_Source material_:
(* Let $\delta\in(0,1)$, $c>2\sqrt{rd}$ and $h>0$, and define $\pi_{\delta,c,h}(\xi)=\pi_{\delta,c}(\xi)+h\xi$. Then $$-d\,\pi_{\delta,c,h}''-c\,\pi_{\delta,c,h}'\le r\,\pi_{\delta,c,h}\big(1-\delta-\pi_{\delta,c,h}\big)\quad\text{on }\Big[-\sqrt{\tfrac{c}{rh}},\sqrt{\tfrac{c}{rh}}\Big].$$ Furthermore, there exists $h^\star>0$ such that for all $h\in(0,h^\star]$, $$\max_{[-\sqrt{c/(rh)},0]}\pi_{\delta,c,h}\ge1-2\delta\quad\text{and}\quad\max_{[-\sqrt{c/(rh)},0]}\pi_{\delta,c,h}>\max\Big(\pi_{\delta,c,h}(0),\ \pi_{\delta,c,h}\big(-\sqrt{\tfrac{c}{rh}}\big)\Big).$$
   Context: Fixed parameters $d>0$, $r>0$. For $\delta\in[0,1)$ and $c\ge2\sqrt{rd}$, $\pi_{\delta,c}$ denotes the unique decreasing traveling wave profile with speed $c$ of the scalar equation $\partial_tv-d\partial_{xx}v=rv(1-\delta-v)$, i.e. the solution of $-d\pi''-c\pi'=r\pi(1-\delta-\pi)$ on $\mathbb{R}$ with $\pi(-\infty)=1-\delta$, $\pi(+\infty)=0$, normalized by $\pi_{\delta,c}(0)=\frac{1-\delta}{2}$. *)

From Stdlib Require Import Reals Lra.
Open Scope R_scope.

(* [pi] is a decreasing traveling-wave profile with speed [c] of
   d_t v - d v_xx = r v (1 - delta - v), normalized by pi(0) = (1-delta)/2:
   pi is twice differentiable (first derivative pi1, second pi2) and
   -d pi'' - c pi' = r pi (1 - delta - pi) on R,
   pi(-oo) = 1 - delta, pi(+oo) = 0. *)
Definition is_tw (d r delta c : R) (pi : R -> R) : Prop :=
  exists pi1 pi2 : R -> R,
    (forall x, derivable_pt_lim pi x (pi1 x)) /\
    (forall x, derivable_pt_lim pi1 x (pi2 x)) /\
    (forall x, - d * pi2 x - c * pi1 x = r * pi x * (1 - delta - pi x)) /\
    (forall x y, x < y -> pi y <= pi x) /\
    (forall eps, 0 < eps -> exists M, forall x, x <= - M ->
        Rabs (pi x - (1 - delta)) < eps) /\
    (forall eps, 0 < eps -> exists M, forall x, M <= x -> Rabs (pi x) < eps) /\
    pi 0 = (1 - delta) / 2.

Definition pi_h (pi : R -> R) (h : R) (x : R) : R := pi x + h * x.

Definition Lh (r c h : R) : R := sqrt (c / (r * h)).

(** Setting [L = sqrt (c / (r h))], so that [h L = c / (r L)], the residual of
    [pi_h] in the traveling-wave inequality is
    [r h x (1 - delta - 2 pi x) + h (c - r h x^2)]; both terms are nonnegative on
    [[-L, L]] because [pi] crosses [(1 - delta) / 2] at [0].

    For the maximum, [F = - d pi' - c pi] satisfies [F' = r pi (1 - delta - pi)],
    so [F] is nondecreasing and bounded below on [(-oo, 0]], hence Cauchy at
    [-oo].  Since [pi >= (1 - delta) / 2] there, [F x - F (2 x)] dominates a
    multiple of [|x| (1 - delta - pi (2 x))], which forces [L (1 - delta - pi (-L/2)) -> 0].
    For small [h] the value [pi_h (-L/2) = 1 - delta - o(1/L) - c / (2 r L)]
    then beats [pi_h 0 = (1 - delta) / 2], [pi_h (-L) <= 1 - delta - c / (r L)]
    and [1 - 2 delta]. *)

From Stdlib Require Import Reals Lra Psatz FunctionalExtensionality Classical.
Open Scope R_scope.

Lemma nonincreasing_le (f : R -> R) :
  (forall x y, x < y -> f y <= f x) -> forall x y, x <= y -> f y <= f x.
Proof.
  intros Hf x y Hxy.
  destruct (Rle_lt_or_eq_dec _ _ Hxy) as [Hlt | ->]; [now apply Hf | lra].
Qed.

Lemma derivable_pt_lim_nonincreasing_le0 (f : R -> R) (x l : R) :
  (forall a b, a < b -> f b <= f a) -> derivable_pt_lim f x l -> l <= 0.
Proof.
  intros Hf Hd. destruct (Rle_or_lt l 0) as [| Hl]; [assumption | exfalso].
  destruct (Hd (l / 2) ltac:(lra)) as [del Hdel].
  pose proof (cond_pos del) as Hdel_pos.
  specialize (Hdel (del / 2) ltac:(lra) ltac:(rewrite Rabs_right; lra)).
  apply Rabs_def2 in Hdel as [_ Hq].
  pose proof (Hf x (x + del / 2) ltac:(lra)).
  set (q := (f (x + del / 2) - f x) / (del / 2)) in *.
  assert (q * (del / 2) = f (x + del / 2) - f x) by (unfold q; field; lra).
  nra.
Qed.

Lemma nonincreasing_le_limit_minfty (f : R -> R) (l : R) :
  (forall x y, x < y -> f y <= f x) ->
  (forall eps, 0 < eps -> exists M, forall x, x <= - M -> Rabs (f x - l) < eps) ->
  forall x, f x <= l.
Proof.
  intros Hf Hlim x. destruct (Rle_or_lt (f x) l) as [| Hx]; [assumption | exfalso].
  destruct (Hlim (f x - l) ltac:(lra)) as [M HM].
  pose proof (Rmin_l (x - 1) (- M)). pose proof (Rmin_r (x - 1) (- M)).
  specialize (HM (Rmin (x - 1) (- M)) ltac:(lra)). apply Rabs_def2 in HM.
  pose proof (Hf (Rmin (x - 1) (- M)) x ltac:(lra)). lra.
Qed.

Lemma nondecreasing_bounded_below_cauchy_minfty (F : R -> R) (m : R) :
  (forall a b, a <= b <= 0 -> F a <= F b) -> (forall x, m <= F x) ->
  forall eps, 0 < eps ->
  exists x0, x0 <= 0 /\ forall x y, y <= x <= x0 -> F x - F y < eps.
Proof.
  intros Hmono Hlow eps Heps.
  set (E := fun v => exists x, x <= 0 /\ v = - F x).
  assert (Hbound : bound E).
  { exists (- m). intros v [x [_ ->]]. specialize (Hlow x). lra. }
  destruct (completeness E Hbound (ex_intro _ (- F 0) (ex_intro _ 0 (conj (Rle_refl 0) eq_refl))))
    as [s [Hub Hleast]].
  assert (Happrox : exists x0, x0 <= 0 /\ s - eps < - F x0).
  { apply NNPP. intros Hno.
    assert (is_upper_bound E (s - eps)).
    { intros v [x [Hx ->]]. apply Rnot_lt_le. intros Hlt. apply Hno. now exists x. }
    specialize (Hleast _ H). lra. }
  destruct Happrox as [x0 [Hx0 Hs]]. exists x0. split; [assumption |].
  intros x y Hyx.
  assert (Hy : E (- F y)) by (exists y; split; [lra | reflexivity]).
  specialize (Hub _ Hy). pose proof (Hmono x x0 ltac:(lra)). lra.
Qed.

Lemma Rle_div_mult (a b x : R) : 0 < b -> a / b <= x -> a <= x * b.
Proof.
  intros Hb Hx. apply (Rmult_le_compat_r b) in Hx; [| lra].
  now replace (a / b * b) with a in Hx by (field; lra).
Qed.

Lemma Rlt_div_mult (a b x : R) : 0 < b -> x < a / b -> x * b < a.
Proof.
  intros Hb Hx. apply (Rmult_lt_compat_r b) in Hx; [| lra].
  now replace (a / b * b) with a in Hx by (field; lra).
Qed.

Lemma Lh_sqr (r c h : R) : 0 < r -> 0 < c -> 0 < h ->
  0 < Lh r c h /\ r * h * (Lh r c h * Lh r c h) = c.
Proof.
  intros Hr Hc Hh. assert (0 < c / (r * h)) by (apply Rdiv_lt_0_compat; nra).
  unfold Lh. split; [now apply sqrt_lt_R0 |].
  rewrite sqrt_sqrt by lra. field. lra.
Qed.

Lemma sqr_le_Lh (r c h x : R) : 0 < r -> 0 < c -> 0 < h ->
  - Lh r c h <= x <= Lh r c h -> r * h * (x * x) <= c.
Proof.
  intros Hr Hc Hh Hx. destruct (Lh_sqr r c h Hr Hc Hh) as [HL HLL].
  rewrite <- HLL. apply Rmult_le_compat_l; nra.
Qed.

Lemma Lh_ge (r c h L : R) : 0 < r -> 0 < c -> 0 < L ->
  0 < h <= c / (r * (L * L)) -> L <= Lh r c h.
Proof.
  intros Hr Hc HL [Hh HhL]. unfold Lh.
  rewrite <- (sqrt_square L) at 1 by lra. apply sqrt_le_1_alt.
  apply (Rmult_le_reg_l (r * h)); [nra |].
  replace (r * h * (c / (r * h))) with c by (field; lra).
  apply (Rmult_le_compat_r (r * (L * L))) in HhL; [| nra].
  replace (c / (r * (L * L)) * (r * (L * L))) with c in HhL by (field; nra).
  nra.
Qed.

Section TravelingWave.

Variables (d r delta c : R) (pi pi1 pi2 : R -> R).
Hypotheses (d_pos : 0 < d) (r_pos : 0 < r) (delta_bounds : 0 < delta < 1) (c_pos : 0 < c).
Hypothesis pi_deriv : forall x, derivable_pt_lim pi x (pi1 x).
Hypothesis pi1_deriv : forall x, derivable_pt_lim pi1 x (pi2 x).
Hypothesis tw_ode : forall x, - d * pi2 x - c * pi1 x = r * pi x * (1 - delta - pi x).
Hypothesis pi_nonincreasing : forall x y, x < y -> pi y <= pi x.
Hypothesis pi_minfty : forall eps, 0 < eps ->
  exists M, forall x, x <= - M -> Rabs (pi x - (1 - delta)) < eps.
Hypothesis pi_0 : pi 0 = (1 - delta) / 2.

Let pi_le x y : x <= y -> pi y <= pi x.
Proof. now apply nonincreasing_le. Qed.

Let pi_le_top x : pi x <= 1 - delta.
Proof. now apply nonincreasing_le_limit_minfty. Qed.

Lemma pi_h_derivable h y : derivable_pt_lim (pi_h pi h) y (pi1 y + h * 1).
Proof.
  apply (derivable_pt_lim_plus pi (fun x => h * x)); [apply pi_deriv |].
  apply (derivable_pt_lim_scal id). apply derivable_pt_lim_id.
Qed.

Lemma pi_h_derivatives h p1 p2 :
  (forall y, derivable_pt_lim (pi_h pi h) y (p1 y)) ->
  (forall y, derivable_pt_lim p1 y (p2 y)) ->
  forall x, p1 x = pi1 x + h /\ p2 x = pi2 x.
Proof.
  intros Hp1 Hp2 x.
  assert (Ep1 : p1 = fun y => pi1 y + h * 1).
  { apply functional_extensionality. intros y.
    exact (uniqueness_limite _ y _ _ (Hp1 y) (pi_h_derivable h y)). }
  split; [rewrite Ep1; ring |].
  rewrite <- (Rplus_0_r (pi2 x)). apply (uniqueness_limite p1 x); [apply Hp2 |].
  rewrite Ep1. apply (derivable_pt_lim_plus pi1 (fun _ => h * 1)).
  - apply pi1_deriv.
  - apply derivable_pt_lim_const.
Qed.

Lemma mul_midgap_nonneg x : 0 <= x * (1 - delta - 2 * pi x).
Proof.
  destruct (Rle_or_lt x 0) as [Hx | Hx].
  - pose proof (pi_le x 0 Hx). nra.
  - pose proof (pi_le 0 x ltac:(lra)). nra.
Qed.

Lemma pi_h_subsolution h x : 0 < h -> r * h * (x * x) <= c ->
  - d * pi2 x - c * (pi1 x + h) <= r * pi_h pi h x * (1 - delta - pi_h pi h x).
Proof.
  intros Hh Hx. unfold pi_h.
  pose proof (mul_midgap_nonneg x). pose proof (tw_ode x).
  assert (0 <= r * h * (x * (1 - delta - 2 * pi x))) by (apply Rmult_le_pos; nra).
  assert (0 <= h * (c - r * h * (x * x))) by (apply Rmult_le_pos; lra).
  nra.
Qed.

Definition flux x := - d * pi1 x - c * pi x.

Lemma flux_mvt a b : a < b -> exists xi, a < xi < b /\
  flux b - flux a = r * pi xi * (1 - delta - pi xi) * (b - a).
Proof.
  intros Hab.
  destruct (MVT_cor2 flux (fun y => - d * pi2 y - c * pi1 y) a b Hab) as [xi [E Hxi]].
  - intros y _. apply (derivable_pt_lim_minus (fun y => - d * pi1 y) (fun y => c * pi y)).
    + apply (derivable_pt_lim_scal pi1). apply pi1_deriv.
    + apply (derivable_pt_lim_scal pi). apply pi_deriv.
  - exists xi. split; [assumption |]. now rewrite E, tw_ode.
Qed.

Lemma flux_nondecreasing a b : a <= b <= 0 -> flux a <= flux b.
Proof.
  intros [Hab Hb]. destruct (Rle_lt_or_eq_dec _ _ Hab) as [Hlt | ->]; [| lra].
  destruct (flux_mvt a b Hlt) as [xi [Hxi E]].
  pose proof (pi_le xi 0 ltac:(lra)). pose proof (pi_le_top xi).
  assert (0 <= r * pi xi * (1 - delta - pi xi)) by (apply Rmult_le_pos; nra).
  assert (0 <= r * pi xi * (1 - delta - pi xi) * (b - a)) by (apply Rmult_le_pos; lra).
  lra.
Qed.

Lemma flux_lower_bound x : - c * (1 - delta) <= flux x.
Proof.
  unfold flux. pose proof (pi_le_top x).
  pose proof (derivable_pt_lim_nonincreasing_le0 pi x (pi1 x) pi_nonincreasing (pi_deriv x)).
  nra.
Qed.

Lemma flux_increment_lower x : x < 0 ->
  r * ((1 - delta) / 2) * (1 - delta - pi (2 * x)) * (- x) <= flux x - flux (2 * x).
Proof.
  intros Hx. destruct (flux_mvt (2 * x) x ltac:(lra)) as [xi [Hxi ->]].
  pose proof (pi_le xi 0 ltac:(lra)). pose proof (pi_le_top xi).
  pose proof (pi_le (2 * x) xi ltac:(lra)). pose proof (pi_le_top (2 * x)).
  replace (x - 2 * x) with (- x) by ring.
  apply Rmult_le_compat_r; [lra |]. rewrite !Rmult_assoc.
  apply Rmult_le_compat_l; [lra |]. apply Rmult_le_compat; lra.
Qed.

Lemma gap_at_half_vanishes eps : 0 < eps ->
  exists M, forall L, M <= L -> L * (1 - delta - pi (- L / 2)) < eps.
Proof.
  intros Heps. set (kap := r * ((1 - delta) / 2)).
  assert (Hkap : 0 < kap) by (unfold kap; nra).
  destruct (nondecreasing_bounded_below_cauchy_minfty flux (- c * (1 - delta))
              flux_nondecreasing flux_lower_bound (kap * eps / 4))
    as [x0 [Hx0 Hcauchy]]; [nra |].
  exists (Rmax 1 (- 4 * x0)). intros L HL.
  pose proof (Rmax_l 1 (- 4 * x0)). pose proof (Rmax_r 1 (- 4 * x0)).
  specialize (Hcauchy (- L / 4) (2 * (- L / 4)) ltac:(lra)).
  pose proof (flux_increment_lower (- L / 4) ltac:(lra)) as Hinc.
  replace (2 * (- L / 4)) with (- L / 2) in * by field. fold kap in Hinc.
  apply (Rmult_lt_reg_l (kap / 4)); [lra |]. nra.
Qed.

Lemma pi_h_interior_max h L :
  0 < h -> 0 < L -> 2 * (1 - delta - pi (- L / 2)) < h * L ->
  h * L <= delta -> h * L <= (1 - delta) / 2 ->
  exists xm, - L <= xm <= 0 /\
    (forall y, - L <= y <= 0 -> pi_h pi h y <= pi_h pi h xm) /\
    1 - 2 * delta <= pi_h pi h xm /\
    Rmax (pi_h pi h 0) (pi_h pi h (- L)) < pi_h pi h xm.
Proof.
  intros Hh HL Hgap HhLd HhLh.
  pose proof (pi_le_top (- L)).
  assert (Hval : pi_h pi h (- L / 2) = 1 - delta - (1 - delta - pi (- L / 2)) - h * L / 2)
    by (unfold pi_h; field).
  destruct (continuity_ab_maj (pi_h pi h) (- L) 0 ltac:(lra)) as [xm [Hmax Hxm]].
  { intros y _. apply derivable_continuous_pt. exists (pi1 y + h * 1). apply pi_h_derivable. }
  pose proof (Hmax (- L / 2) ltac:(lra)).
  exists xm. split; [assumption |]. split; [assumption |]. split; [lra |].
  apply Rmax_lub_lt; unfold pi_h at 1; [rewrite pi_0 |]; nra.
Qed.

Lemma pi_h_interior_max_small_h : exists hstar, 0 < hstar /\
  forall h, 0 < h <= hstar ->
  exists xm, - Lh r c h <= xm <= 0 /\
    (forall y, - Lh r c h <= y <= 0 -> pi_h pi h y <= pi_h pi h xm) /\
    1 - 2 * delta <= pi_h pi h xm /\
    Rmax (pi_h pi h 0) (pi_h pi h (- Lh r c h)) < pi_h pi h xm.
Proof.
  destruct (gap_at_half_vanishes (c / (2 * r))) as [M HM]; [apply Rdiv_lt_0_compat; lra |].
  set (L0 := Rmax (Rmax 1 M) (Rmax (c / (r * delta)) (c / (r * ((1 - delta) / 2))))).
  assert (1 <= L0 /\ M <= L0 /\ c / (r * delta) <= L0 /\
                c / (r * ((1 - delta) / 2)) <= L0) as (HL0one & HL0M & HL0d & HL0half).
  { unfold L0.
    pose proof (Rmax_l 1 M). pose proof (Rmax_r 1 M).
    pose proof (Rmax_l (c / (r * delta)) (c / (r * ((1 - delta) / 2)))).
    pose proof (Rmax_r (c / (r * delta)) (c / (r * ((1 - delta) / 2)))).
    pose proof (Rmax_l (Rmax 1 M) (Rmax (c / (r * delta)) (c / (r * ((1 - delta) / 2))))).
    pose proof (Rmax_r (Rmax 1 M) (Rmax (c / (r * delta)) (c / (r * ((1 - delta) / 2))))).
    lra. }
  assert (HL0sq : 0 < r * (L0 * L0)) by (apply Rmult_lt_0_compat; nra).
  exists (c / (r * (L0 * L0))). split; [now apply Rdiv_lt_0_compat |].
  intros h Hh. pose proof (Lh_ge r c h L0 r_pos c_pos ltac:(lra) Hh) as HL0h.
  destruct (Lh_sqr r c h r_pos c_pos ltac:(lra)) as [HL HLL].
  set (L := Lh r c h) in *.
  assert (HrL : 0 < r * L) by nra.
  apply pi_h_interior_max; [lra | assumption | | |].
  - apply (Rmult_lt_reg_l (r * L)); [assumption |].
    specialize (HM L ltac:(lra)). apply Rlt_div_mult in HM; nra.
  - apply (Rmult_le_reg_l (r * L)); [assumption |].
    apply (Rle_div_mult c (r * delta)) in HL0d; nra.
  - apply (Rmult_le_reg_l (r * L)); [assumption |].
    apply (Rle_div_mult c (r * ((1 - delta) / 2))) in HL0half; nra.
Qed.

End TravelingWave.

Theorem lemma4p9 (d r delta c : R) (pi : R -> R) :
  0 < d -> 0 < r -> 0 < delta < 1 -> 2 * sqrt (r * d) < c ->
  is_tw d r delta c pi ->
  (forall h : R, 0 < h ->
     forall p1 p2 : R -> R,
       (forall y, derivable_pt_lim (pi_h pi h) y (p1 y)) ->
       (forall y, derivable_pt_lim p1 y (p2 y)) ->
       forall x, - Lh r c h <= x <= Lh r c h ->
         - d * p2 x - c * p1 x <= r * pi_h pi h x * (1 - delta - pi_h pi h x))
  /\
  (exists hstar : R, 0 < hstar /\
     forall h : R, 0 < h <= hstar ->
       exists xm : R, - Lh r c h <= xm <= 0 /\
         (forall y, - Lh r c h <= y <= 0 -> pi_h pi h y <= pi_h pi h xm) /\
         1 - 2 * delta <= pi_h pi h xm /\
         Rmax (pi_h pi h 0) (pi_h pi h (- Lh r c h)) < pi_h pi h xm).
Proof.
  intros Hd Hr Hdelta Hc [pi1 [pi2 [Hpi1 [Hpi2 [Hode [Hmono [Hminfty [_ Hpi0]]]]]]]].
  assert (Hc_pos : 0 < c) by (pose proof (sqrt_pos (r * d)); lra).
  split.
  - intros h Hh p1 p2 Hp1 Hp2 x Hx.
    destruct (pi_h_derivatives pi pi1 pi2 Hpi1 Hpi2 h p1 p2 Hp1 Hp2 x) as [-> ->].
    apply (pi_h_subsolution d r delta c pi pi1 pi2); try assumption.
    now apply sqr_le_Lh.
  - exact (pi_h_interior_max_small_h d r delta c pi pi1 pi2 Hd Hr Hdelta Hc_pos
             Hpi1 Hpi2 Hode Hmono Hminfty Hpi0).
Qed.
(* Let $n>1$, $m\ge1$, let $v\in Z_{n,m}$, let $P$ be a pivot path of $v$ (to $0$), and let $I$ be a $P$-interval. Then for all $i,j$ with $[i,i+1]\subseteq I$ and $[j,j+1]\subseteq I$, all steps of $P$ that are shifts at $i$ and all steps of $P$ that are shifts at $j$ are in the same direction.
   Context: Elements of $\mathbb{Z}_n$ are identified with representatives in $\{0,\dots,n-1\}$. $Z_{n,m}$ has vertices $u=(u_0,\dots,u_{m+1})\in\mathbb{Z}_n\times\{-1,0,1\}^m\times\mathbb{Z}_n$ with $\sum u_i\equiv0\pmod n$. A step from $v$ to $u$ is a left shift at $i$ ($0\le i\le m$) if $u_j=v_j$ for $j\notin\{i,i+1\}$, $u_i=v_i+1$, $u_{i+1}=v_{i+1}-1$, and a right shift at $i$ if $u_i=v_i-1$, $u_{i+1}=v_{i+1}+1$ (arithmetic in coordinates $0,m+1$ in $\mathbb{Z}_n$); vertices are adjacent iff related by such a shift. For a path $P$ from $v$ to the all-zero vertex $0$: $0\le p\le m$ is an inner wall of $P$ if no step of $P$ is a shift at $p$; $-1$ is a wall if no step is a left shift at $0$; $m+1$ is a wall if no step is a right shift at $m$. A $p$-pivot path of $v$ is a shortest path from $v$ to $0$ among those having $p$ as a wall; a pivot path is a $p$-pivot path for some $p$. If $p_1<\dots<p_t$ are the inner walls of a pivot path $P$ and $p_0=-1$, $p_{t+1}=m+1$, the $P$-intervals are the integer intervals $[p_k+1,p_{k+1}]$, $0\le k\le t$. *)

From mathcomp Require Import all_boot all_order all_algebra.
Set Implicit Arguments. Unset Strict Implicit. Unset Printing Implicit Defensive.
Import Order.TTheory GRing.Theory Num.Theory.
Local Open Scope ring_scope.

(* A vertex of Z_{n,m} is a sequence u = [u_0; ...; u_{m+1}] of integers with
   u_0, u_{m+1} in {0,...,n-1} (representatives of Z_n), u_k in {-1,0,1} for
   1 <= k <= m, and sum u_k = 0 mod n. *)
Definition coord (u : seq int) (k : nat) : int := nth 0 u k.

Definition is_vertex (n m : nat) (u : seq int) : Prop :=
  [/\ size u = m.+2,
      0 <= coord u 0 < n%:Z,
      0 <= coord u m.+1 < n%:Z,
      (forall k : nat, (1 <= k <= m)%N -> coord u k \in [:: -1; 0; 1])
    & (n%:Z %| \sum_(x <- u) x)%Z].

Definition zero_vertex (m : nat) : seq int := nseq m.+2 0.

Definition addc (n m k : nat) (d x : int) : int :=
  if (k == 0)%N || (k == m.+1)%N then ((x + d) %% n%:Z)%Z else x + d.

(* [shift n m dir i v u]: the step from v to u is a left shift at i
   (dir = true) or a right shift at i (dir = false), 0 <= i <= m. *)
Definition shift (n m : nat) (dir : bool) (i : nat) (v u : seq int) : Prop :=
  let s : int := if dir then 1 else -1 in
  [/\ (i <= m)%N,
      forall j : nat, j != i -> j != i.+1 -> coord u j = coord v j,
      coord u i = addc n m i s (coord v i)
    & coord u i.+1 = addc n m i.+1 (- s) (coord v i.+1)].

_Assignment_: From the records above, extract exactly and only the lines that begin at the line with "Lh r c h -> r" and stop after the line with "Proof. now apply nonincreasing_le. Qed.".

_Task output_:
  - Lh r c h <= x <= Lh r c h -> r * h * (x * x) <= c.
Proof.
  intros Hr Hc Hh Hx. destruct (Lh_sqr r c h Hr Hc Hh) as [HL HLL].
  rewrite <- HLL. apply Rmult_le_compat_l; nra.
Qed.

Lemma Lh_ge (r c h L : R) : 0 < r -> 0 < c -> 0 < L ->
  0 < h <= c / (r * (L * L)) -> L <= Lh r c h.
Proof.
  intros Hr Hc HL [Hh HhL]. unfold Lh.
  rewrite <- (sqrt_square L) at 1 by lra. apply sqrt_le_1_alt.
  apply (Rmult_le_reg_l (r * h)); [nra |].
  replace (r * h * (c / (r * h))) with c by (field; lra).
  apply (Rmult_le_compat_r (r * (L * L))) in HhL; [| nra].
  replace (c / (r * (L * L)) * (r * (L * L))) with c in HhL by (field; nra).
  nra.
Qed.

Section TravelingWave.

Variables (d r delta c : R) (pi pi1 pi2 : R -> R).
Hypotheses (d_pos : 0 < d) (r_pos : 0 < r) (delta_bounds : 0 < delta < 1) (c_pos : 0 < c).
Hypothesis pi_deriv : forall x, derivable_pt_lim pi x (pi1 x).
Hypothesis pi1_deriv : forall x, derivable_pt_lim pi1 x (pi2 x).
Hypothesis tw_ode : forall x, - d * pi2 x - c * pi1 x = r * pi x * (1 - delta - pi x).
Hypothesis pi_nonincreasing : forall x y, x < y -> pi y <= pi x.
Hypothesis pi_minfty : forall eps, 0 < eps ->
  exists M, forall x, x <= - M -> Rabs (pi x - (1 - delta)) < eps.
Hypothesis pi_0 : pi 0 = (1 - delta) / 2.

Let pi_le x y : x <= y -> pi y <= pi x.
Proof. now apply nonincreasing_le. Qed.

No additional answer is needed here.